Mastodawn

Buried in this nicely-detailed RCA is a pretty damning fact:

Cloudflare left .unwrap() in mission-critical Rust code.

For non-Rustaceans, .unwrap() handles a type called Result that can either be Ok with a value, or an Err with an Error. The whole point is to gracefully handle errors and not let panics make it to production code. But unwrap() assumes there's a value to extract without safeguards.

I use .unwrap() sometimes! Usually when there's a logical guarantee that the result can never be an error. But I make sure to purge it from critical processes for exactly this reason.

https://blog.cloudflare.com/18-november-2025-outage/

Show thread

EndlessMason Nov 19

@mttaggart
Isn't crashing the right choice when your rules enforcement engine can't fit all the rules into memory?

Show thread

Taggart

@EndlessMason It absolutely is not, especially on a service that must remain operational.

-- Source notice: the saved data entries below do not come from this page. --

Lemma wdl_mu_t U V U1 V1 U2 V2 U3 V3 U4 V4 r p q : typed_bar r p q ->
  U1 = U -> V1 = i :: V -> U2 = U ++ [i] -> V2 = V -> U3 = U -> V3 = j :: V ->
  U4 = U ++ [j] -> V4 = V -> q = U ++ j :: j :: i :: V ->
  vcomp (whisk_bar U lam V) (vcomp (whisk_bar U1 (mu j) V1) r)
  = vcomp (whisk_bar U2 (mu j) V2) (vcomp (whisk_bar U3 lam V3) (vcomp (whisk_bar U4 lam V4) r)).
Proof. intros. wdl_axiom ltac:(4). in_context Heq U V r. Qed.

Lemma wdl_mu_s U V U1 V1 U2 V2 U3 V3 U4 V4 r p q : typed_bar r p q ->
  U1 = U ++ [j] -> V1 = V -> U2 = U -> V2 = j :: V -> U3 = U ++ [i] -> V3 = V ->
  U4 = U -> V4 = i :: V -> q = U ++ j :: i :: i :: V ->
  vcomp (whisk_bar U lam V) (vcomp (whisk_bar U1 (mu i) V1) r)
  = vcomp (whisk_bar U2 (mu i) V2) (vcomp (whisk_bar U3 lam V3) (vcomp (whisk_bar U4 lam V4) r)).
Proof. intros. wdl_axiom ltac:(5). in_context Heq U V r. Qed.

Lemma wdl_eta_t U V U1 V1 U2 V2 U3 V3 U4 V4 U5 V5 r p q : typed_bar r p q ->
  U1 = U -> V1 = i :: V -> U2 = U -> V2 = j :: V -> U3 = U ++ [i] -> V3 = V ->
  U4 = U ++ [i; j] -> V4 = V -> U5 = U ++ [i] -> V5 = V -> q = U ++ i :: V ->
  vcomp (whisk_bar U lam V) (vcomp (whisk_bar U1 (eta j) V1) r)
  = vcomp (whisk_bar U2 (mu i) V2) (vcomp (whisk_bar U3 lam V3) (vcomp (whisk_bar U4 (eta i) V4)
      (vcomp (whisk_bar U5 (eta j) V5) r))).
Proof. intros. wdl_axiom ltac:(6). in_context Heq U V r. Qed.

Lemma wdl_eta_s U V U1 V1 U2 V2 U3 V3 U4 V4 U5 V5 r p q : typed_bar r p q ->
  U1 = U ++ [j] -> V1 = V -> U2 = U ++ [i] -> V2 = V -> U3 = U -> V3 = j :: V ->
  U4 = U -> V4 = i :: j :: V -> U5 = U -> V5 = j :: V -> q = U ++ j :: V ->
  vcomp (whisk_bar U lam V) (vcomp (whisk_bar U1 (eta i) V1) r)
  = vcomp (whisk_bar U2 (mu j) V2) (vcomp (whisk_bar U3 lam V3) (vcomp (whisk_bar U4 (eta j) V4)
      (vcomp (whisk_bar U5 (eta i) V5) r))).
Proof. intros. wdl_axiom ltac:(7). in_context Heq U V r. Qed.

End WeakDistributiveLaw.

(** * The idempotent attached to a law *)

Section BarLeft.
Variable i : nat.
Variable w : list nat.
Variable Lam : c2 K.
Hypothesis Hty : typed_bar Lam (w ++ [i]) (i :: w).
Hypothesis Hlaw_mu : forall U V U1 V1 U2 V2 U3 V3 U4 V4 r p q, typed_bar r p q ->
  U1 = U ++ w -> V1 = V -> U2 = U -> V2 = w ++ V -> U3 = U ++ [i] -> V3 = V ->
  U4 = U -> V4 = i :: V -> q = U ++ w ++ i :: i :: V ->
  vcomp (whisk_bar U Lam V) (vcomp (whisk_bar U1 (mu i) V1) r)
  = vcomp (whisk_bar U2 (mu i) V2) (vcomp (whisk_bar U3 Lam V3) (vcomp (whisk_bar U4 Lam V4) r)).

Definition barL : c2 K := vcomp (whisk_bar [] (mu i) w) (vcomp (whisk_bar [i] Lam []) (whisk_bar (i :: w) (eta i) [])).

Lemma typed_barL : typed_bar barL (i :: w) (i :: w).
Proof. unfold barL. typecheck. Qed.

Lemma barL_unfold U V U1 V1 U2 V2 U3 V3 r p q : typed_bar r p q ->
  U1 = U -> V1 = w ++ V -> U2 = U ++ [i] -> V2 = V -> U3 = U ++ i :: w -> V3 = V ->
  q = U ++ i :: w ++ V ->
  vcomp (whisk_bar U barL V) r
  = vcomp (whisk_bar U1 (mu i) V1) (vcomp (whisk_bar U2 Lam V2) (vcomp (whisk_bar U3 (eta i) V3) r)).
Proof. intros; subst. unfold barL. unwhisk. reflexivity. Qed.

Lemma barL_law U V U' V' r p q : typed_bar r p q -> U' = U -> V' = V -> q = U ++ w ++ i :: V ->
  vcomp (whisk_bar U barL V) (vcomp (whisk_bar U' Lam V') r) = vcomp (whisk_bar U' Lam V') r.
Proof.
  intros; subst.
  rw barL_unfold.
  rw (slide_rl _ _ Lam (eta i) []).
  rwb Hlaw_mu.
  rw monad_unit_l. reflexivity.
Qed.

Lemma barL_mu U V U1 V1 U2 V2 U3 V3 r p q : typed_bar r p q -> U1 = U -> V1 = w ++ V ->
  U2 = U -> V2 = w ++ V -> U3 = U ++ [i] -> V3 = V -> q = U ++ i :: i :: w ++ V ->
  vcomp (whisk_bar U barL V) (vcomp (whisk_bar U1 (mu i) V1) r)
  = vcomp (whisk_bar U2 (mu i) V2) (vcomp (whisk_bar U3 barL V3) r).
Proof.
  intros; subst. pose proof typed_barL.
  rw barL_unfold.
  rw (slide_rl _ _ (mu i) (eta i) w).
  rw (slide_rl _ _ (mu i) Lam []).
  rw monad_assoc.
  rwb barL_unfold. reflexivity.
Qed.

Lemma barL_idem U V U1 V1 r p q : typed_bar r p q -> U1 = U -> V1 = V -> q = U ++ i :: w ++ V ->
  vcomp (whisk_bar U barL V) (vcomp (whisk_bar U1 barL V1) r) = vcomp (whisk_bar U barL V) r.
Proof.
  intros; subst. pose proof typed_barL.
  rw (barL_unfold U V _ _ _ _ _ _ r).
  rw barL_mu. rw barL_law. rwb barL_unfold. reflexivity.
Qed.

Lemma barL_eta U V U1 V1 U2 V2 U3 V3 r p q : typed_bar r p q -> U1 = U -> V1 = w ++ V ->
  U2 = U -> V2 = V -> U3 = U ++ w -> V3 = V -> q = U ++ w ++ V ->
  vcomp (whisk_bar U barL V) (vcomp (whisk_bar U1 (eta i) V1) r)
  = vcomp (whisk_bar U2 Lam V2) (vcomp (whisk_bar U3 (eta i) V3) r).
Proof.
  intros; subst. pose proof typed_barL.
  rw barL_unfold.
  rw (slide_rl _ _ (eta i) (eta i) w).
  rw (slide_rl _ _ (eta i) Lam []).
  rw monad_unit_r. reflexivity.
Qed.

Lemma mu_law_barL U V U1 V1 U2 V2 U3 V3 r p q : typed_bar r p q -> U1 = U -> V1 = w ++ V ->
  U2 = U ++ [i] -> V2 = V -> U3 = U -> V3 = i :: V -> q = U ++ i :: w ++ i :: V ->
  vcomp (whisk_bar U1 (mu i) V1) (vcomp (whisk_bar U2 Lam V2) (vcomp (whisk_bar U3 barL V3) r))
  = vcomp (whisk_bar U1 (mu i) V1) (vcomp (whisk_bar U2 Lam V2) r).
Proof.
  intros; subst. pose proof typed_barL.
  rw barL_unfold.
  rw (slide_rl _ _ (mu i) Lam []).
  rw monad_assoc.
  rwb Hlaw_mu.
  rw monad_unit_r. reflexivity.
Qed.

End BarLeft.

Graceful handling of the error, including logging, is what should occur, not a panic.

Show thread

EndlessMason Nov 19

@mttaggart
How can you gracefully handle not loading your rules table when you are a rules engine?

Show thread

Taggart

Nov 19

@EndlessMason That's not what was going on here. The load wasn't the issue. Note the append. There are any number of way you could handle such an error, including truncating the list if you got a bounds error. But regardless, this was plainly not just a rules engine, was it? It was a critical piece of software that needed to remain up, despite external dependencies. This was not how failure should have been handled, and I don't know why you're arguing that point. The consequences of failure were plainly undesirable.

Show thread

EndlessMason Nov 19

@mttaggart
if you want to say reading a file is loading it, but putting the parsed results into a structure is not loading it the yes, you win via pun

If you want to say that the service just flipping a coin when it doesn't have it's bot-or-not table doesn't still count as an outage then I don't know what to tell you.

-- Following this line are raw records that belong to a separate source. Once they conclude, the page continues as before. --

(* If a finitely generated residually finite group $\Gamma$ is presentable by a product, then its rank gradient vanishes: $\mathrm{RG}(\Gamma)=0$.
   Context: For a finitely generated group $\Gamma$ let $d(\Gamma)$ be the minimal number of generators. The rank gradient is $\mathrm{RG}(\Gamma)=\inf_{\Gamma'}\frac{d(\Gamma')-1}{[\Gamma:\Gamma']}$, the infimum taken over all finite index subgroups $\Gamma'\subset\Gamma$. An infinite group $\Gamma$ is presentable by a product if there exist groups $\Gamma_1,\Gamma_2$ and a homomorphism $\varphi\colon\Gamma_1\times\Gamma_2\to\Gamma$ whose image has finite index in $\Gamma$ and such that both $\varphi(\Gamma_1)$ and $\varphi(\Gamma_2)$ are infinite. *)

From Stdlib Require Import Reals List.
From Coquelicot Require Import Coquelicot.
Open Scope R_scope.

Record group := Group {
  carrier :> Type;
  gmul : carrier -> carrier -> carrier;
  gone : carrier;
  ginv : carrier -> carrier;
  gmulA : forall x y z, gmul x (gmul y z) = gmul (gmul x y) z;
  gmul1l : forall x, gmul gone x = x;
  gmul1r : forall x, gmul x gone = x;
  gmulVl : forall x, gmul (ginv x) x = gone;
  gmulVr : forall x, gmul x (ginv x) = gone
}.

Arguments gmul {g}. Arguments gone {g}. Arguments ginv {g}.

Definition is_subgroup (G : group) (H : G -> Prop) : Prop :=
  H gone /\ (forall x y, H x -> H y -> H (gmul x y)) /\ (forall x, H x -> H (ginv x)).

Definition is_normal (G : group) (H : G -> Prop) : Prop :=
  is_subgroup G H /\ forall g x, H x -> H (gmul (gmul g x) (ginv g)).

How in the world is cf going to do 90% of what its for if it can't decide if a ua is a bot?

Show thread

Ingvar Nov 19

@EndlessMason @mttaggart You load the new rules into a "new rule processing context", if loading that fails, that's fine, you still have the old one. Unless you're starting cold, where one of "do nothing" or "crash" may be appropriate. Which is why you should also check the rules against a "cold-start rules engine" before sending them from generation to production, and NOT send them, if parsing them fails.

Show thread

EndlessMason Nov 19

@vatine @mttaggart
In this specific case the new config file was twice the size as normal, and exceeded the size limit isabot is willing to load.

With your setup you have two states in production:
- all new instances of the service fail to start
- old instances of the service with just "lol, which ever rules were loaded at the time".

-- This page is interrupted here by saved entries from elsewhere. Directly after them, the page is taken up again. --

Lemma ramsey_prehomogeneous M (f : seq nat -> T) :
  (forall g, exists h col, {homo h : i j / i < j} /\ homogeneous M g h col) ->
  exists (p : nat -> nat) (col : nat -> T), {homo p : i j / i < j} /\
    forall a s, sorted ltn (a :: s) -> size s = M -> f (map p (a :: s)) = col a.
Proof.
move=> IH.
have /choice[sel selP] g : exists hc, {homo hc.1 : i j / i < j} /\ homogeneous M g hc.1 hc.2.
  by have [h [col hcol]] := IH g; exists (h, col).
(* [st i.+1] is a subsequence of the tail of [st i] on which the colour of a
   tuple headed by [st i 0] does not depend on the rest of the tuple. *)
pose rest (g : nat -> nat) s := f (g 0 :: map (g \o succn) s).
pose next (g : nat -> nat) := g \o succn \o (sel (rest g)).1.
pose st i := iter i next id.
have stS i : {homo st i : a b / a < b}.
  elim: i => [//|i IHi] a b ab /=; apply/IHi; rewrite ltnS.
  by have [+ _] := selP (rest (st i)); apply.
have st_range i j t : i <= j -> exists u, st i u = st j t.
  elim: j t => [|j IHj] t; first by rewrite leqn0 => /eqP->; exists t.
  rewrite leq_eqVlt => /orP[/eqP->|]; first by exists t.
  by rewrite ltnS => /IHj; apply.
pose p i := st i 0.
have pS : {homo p : i j / i < j} by apply: homo_ltn ltn_trans _ => i; apply: stS.
exists p, (fun i => (sel (rest (st i))).2); split => // a s as_sorted size_s.
have [s2 s2_sorted s2E] : exists2 s2, sorted ltn s2 & map (st a.+1) s2 = map p s.
  apply: (sorted_preim (stS _)); first exact: homo_sorted pS _ (path_sorted as_sorted).
  move=> _ /mapP[b bs ->]; apply: st_range.
  by move/allP: (order_path_min ltn_trans as_sorted); apply.
have size_s2 : size s2 = M by rewrite -size_s -(size_map (st a.+1)) s2E size_map.
have [_ homog] := selP (rest (st a)).
by rewrite /= -s2E -(homog s2 s2_sorted size_s2) /rest -map_comp.
Qed.

Theorem ramsey M (f : seq nat -> T) :
  exists h col, {homo h : i j / i < j} /\ homogeneous M f h col.
Proof.
elim: M f => [|M IH] f.
  by exists id, (f [::]); split=> // s _ /size0nil ->.
have [p [c [pS pc]]] := @ramsey_prehomogeneous M f IH.
have [x [e eS ex]] := infinite_pigeonhole c.
exists (p \o e), x; split=> [i j /eS/pS //|[//|a s] as_sorted [size_s]].
have eas_sorted : sorted ltn (e a :: map e s) := homo_sorted eS (a :: s) as_sorted.
by rewrite map_comp -(ex a) -(pc _ (map e s)) ?size_map.
Qed.

End Ramsey.

(** * An order embedding of omega^d * k into itself *)

Fixpoint code (s : seq nat) : nat :=
  if s is t :: s' then 2 ^ code s' * t.*2.+1 else 0.

Lemma pow2_odd_inj a b t u : 2 ^ a * t.*2.+1 = 2 ^ b * u.*2.+1 -> a = b /\ t = u.
Proof.
elim: a b => [|a IHa] [|b]; rewrite ?expnS ?mul1n -?mulnA; try lia.
by move/eqP; rewrite eqn_pmul2l // => /eqP/IHa[-> ->].
Qed.

Lemma code_inj : injective code.
Proof.
elim=> [|t s IHs] [|u s'] //=.
- by move=> /esym/eqP; rewrite muln_eq0 expn_eq0.
- by move=> /eqP; rewrite muln_eq0 expn_eq0.
- by case/pow2_odd_inj => /IHs -> ->.
Qed.

Lemma code_behead_lt t s : code s < code (t :: s).
Proof. exact: leq_trans (ltn_expl _ (ltnSn 1)) (leq_pmulr _ _). Qed.

Lemma code_head_lt t t' s : t < t' -> code (t :: s) < code (t' :: s).
Proof. by move=> tt'; rewrite /= ltn_pmul2l ?expn_gt0 // ltnS ltn_double. Qed.

Section OrdinalEmbedding.
Variables d k : nat.
Implicit Types x y z : Ord d k.

Definition coef x (t : nat) : nat :=
  if (insub t : option 'I_d) is Some j then x.2 j else if t == d then val x.1 else 0.

Lemma coefE x (j : 'I_d) : coef x j = x.2 j.
Proof. by rewrite /coef valK. Qed.

Lemma coef_top x : coef x d = x.1.
Proof. by rewrite /coef insubN ?ltnn ?eqxx. Qed.

Definition tail j x : seq nat := [seq coef x t | t <- iota j (d.+1 - j)].

Lemma tail_cons j x : j <= d -> tail j x = coef x j :: tail j.+1 x.
Proof. by move=> jd; rewrite /tail subSn. Qed.

Lemma size_tail j x : size (tail j x) = d.+1 - j.
Proof. by rewrite size_map size_iota. Qed.

Lemma eq_tail j x y : (forall t, j <= t <= d -> coef x t = coef y t) -> tail j x = tail j y.
Proof.
move=> eq_coef; apply/eq_in_map => t; rewrite mem_iota => /andP[jt td].
by apply: eq_coef; rewrite jt /=; lia.
Qed.

Lemma nth_tail j x t : j + t <= d -> nth 0 (tail j x) t = coef x (j + t).
Proof. by move=> jtd; rewrite (nth_map 0) ?nth_iota ?size_iota //; lia. Qed.

Lemma tail_inj_fst j x y : j <= d -> tail j x = tail j y -> x.1 = y.1.
Proof.
move=> jd /(congr1 (nth 0 ^~ (d - j))); rewrite !nth_tail ?subnKC // !coef_top.
exact: val_inj.
Qed.

Lemma tail0_inj : injective (tail 0).
Proof.
move=> x y eq_xy; have eq1 := tail_inj_fst (leq0n d) eq_xy.
have eq2 : x.2 = y.2.
  apply/ffunP => j; have jd : 0 + j <= d by rewrite add0n ltnW.
  by have := congr1 (nth 0 ^~ j) eq_xy; rewrite !nth_tail // add0n !coefE.
by rewrite [x]surjective_pairing [y]surjective_pairing eq1 eq2.
Qed.

Lemma code_tail_lt x j j' : j' < j -> j <= d -> code (tail j x) < code (tail j' x).
Proof.
elim: j => // j IHj; rewrite ltnS => j'j jd.
apply: (@leq_trans (code (tail j x))); first by rewrite (tail_cons x (ltnW jd)) code_behead_lt.
by case: ltngtP j'j => // [/IHj/(_ (ltnW jd))/ltnW|->].
Qed.

Lemma ord_lt_irr x : ord_lt x x = false.
Proof. by rewrite /ord_lt ltnn eqxx /=; apply/existsP => -[j]; rewrite ltnn. Qed.

Lemma ord_lt_asym x y : ord_lt x y -> ord_lt y x = false.
Proof.
rewrite /ord_lt => /orP[lt1|/andP[/eqP eq1 /existsP[j /andP[ltj /forallP above]]]].
  by rewrite ltnNge (ltnW lt1) /=; case: eqP lt1 => // ->; rewrite ltnn.
rewrite eq1 ltnn eqxx /=; apply/existsP => -[j' /andP[ltj' /forallP above']].
case: (ltngtP j j') => [jj'|j'j|/val_inj eqj].
- by move/implyP: (above j') => /(_ jj')/eqP eqj'; rewrite eqj' ltnn in ltj'.
- by move/implyP: (above' j) => /(_ j'j)/eqP eqj; rewrite eqj ltnn in ltj.
- by subst j'; move: (ltn_trans ltj ltj'); rewrite ltnn.
Qed.

Lemma ord_lt_total x y : x != y -> ord_lt x y || ord_lt y x.
Proof.
move=> neq_xy; rewrite /ord_lt.
case: (ltngtP x.1 y.1) => [//|_|/val_inj eq1]; first by rewrite orbT.
have eqb1 : x.1 == y.1 by apply/eqP.
rewrite eqb1 eq_sym eqb1 /=.
have [j0 neq_j0] : exists j0, x.2 j0 != y.2 j0.
  apply/existsP; apply: contraR neq_xy => /existsPn same.
  rewrite [x]surjective_pairing [y]surjective_pairing eq1; apply/eqP; congr pair.
  by apply/ffunP => j; apply/eqP; move: (same j); rewrite negbK.
have [j neq_j top_j] := @arg_maxnP _ j0 (fun j => x.2 j != y.2 j) val neq_j0.
have above : [forall j' : 'I_d, (j < j') ==> (x.2 j' == y.2 j')].
  apply/forallP => j'; apply/implyP => jj'; apply: contraTT jj' => /top_j.
  by rewrite /= -leqNgt.
case: (ltngtP (x.2 j) (y.2 j)) neq_j => // [lt_j|gt_j] _; apply/orP; [left|right].
  by apply/existsP; exists j; rewrite lt_j.
apply/existsP; exists j; rewrite gt_j /=; apply/forallP => j'.
by apply/implyP => jj'; apply/eqP/esym/eqP; exact: (implyP (forallP above j') jj').
Qed.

The old instances with the old rules are now handling more and more of the traffic as time goes on, any debugging attempt will take out a running instance, and any release that involves restarting the isabot service causes outages where it lands. A rollback of that change won't restore the the target of that rollout because the file still is too big.

If you roll out the service that generates the config the running instance might pick up the new config, but only if it's small enough again.

This sounds more difficult to drive than it going down hard and saying why it went down.

Also, having your config generation routine fail to ship updates to prod because some pipeline "kinda guesses this might be a problem" relies on massive amounts of hindsight for a start, and presents a huge risk of config propagation stalling because some version/config mismatch between prod and the pipeline. It sounds like one of the most "can we just turn it off please" false-positive laden annoyance factories imaginable.

Show thread

Ingvar Nov 20

@EndlessMason @mttaggart Ideally, the "end of the config pipeline" is "load it into the exact code that loads it into production". The alternative is that you do the "ship the configuration" in stages, first to a small amount of production, where you're sort-of OK with things exploding (because it's limited), and only once it's good there does it get shipped to the rest.

I have most definitely worked with production systems that used this approach, but I guess they were kind of small (I don't think we ever breached north of 1.75 Mreq/s while I was working on it).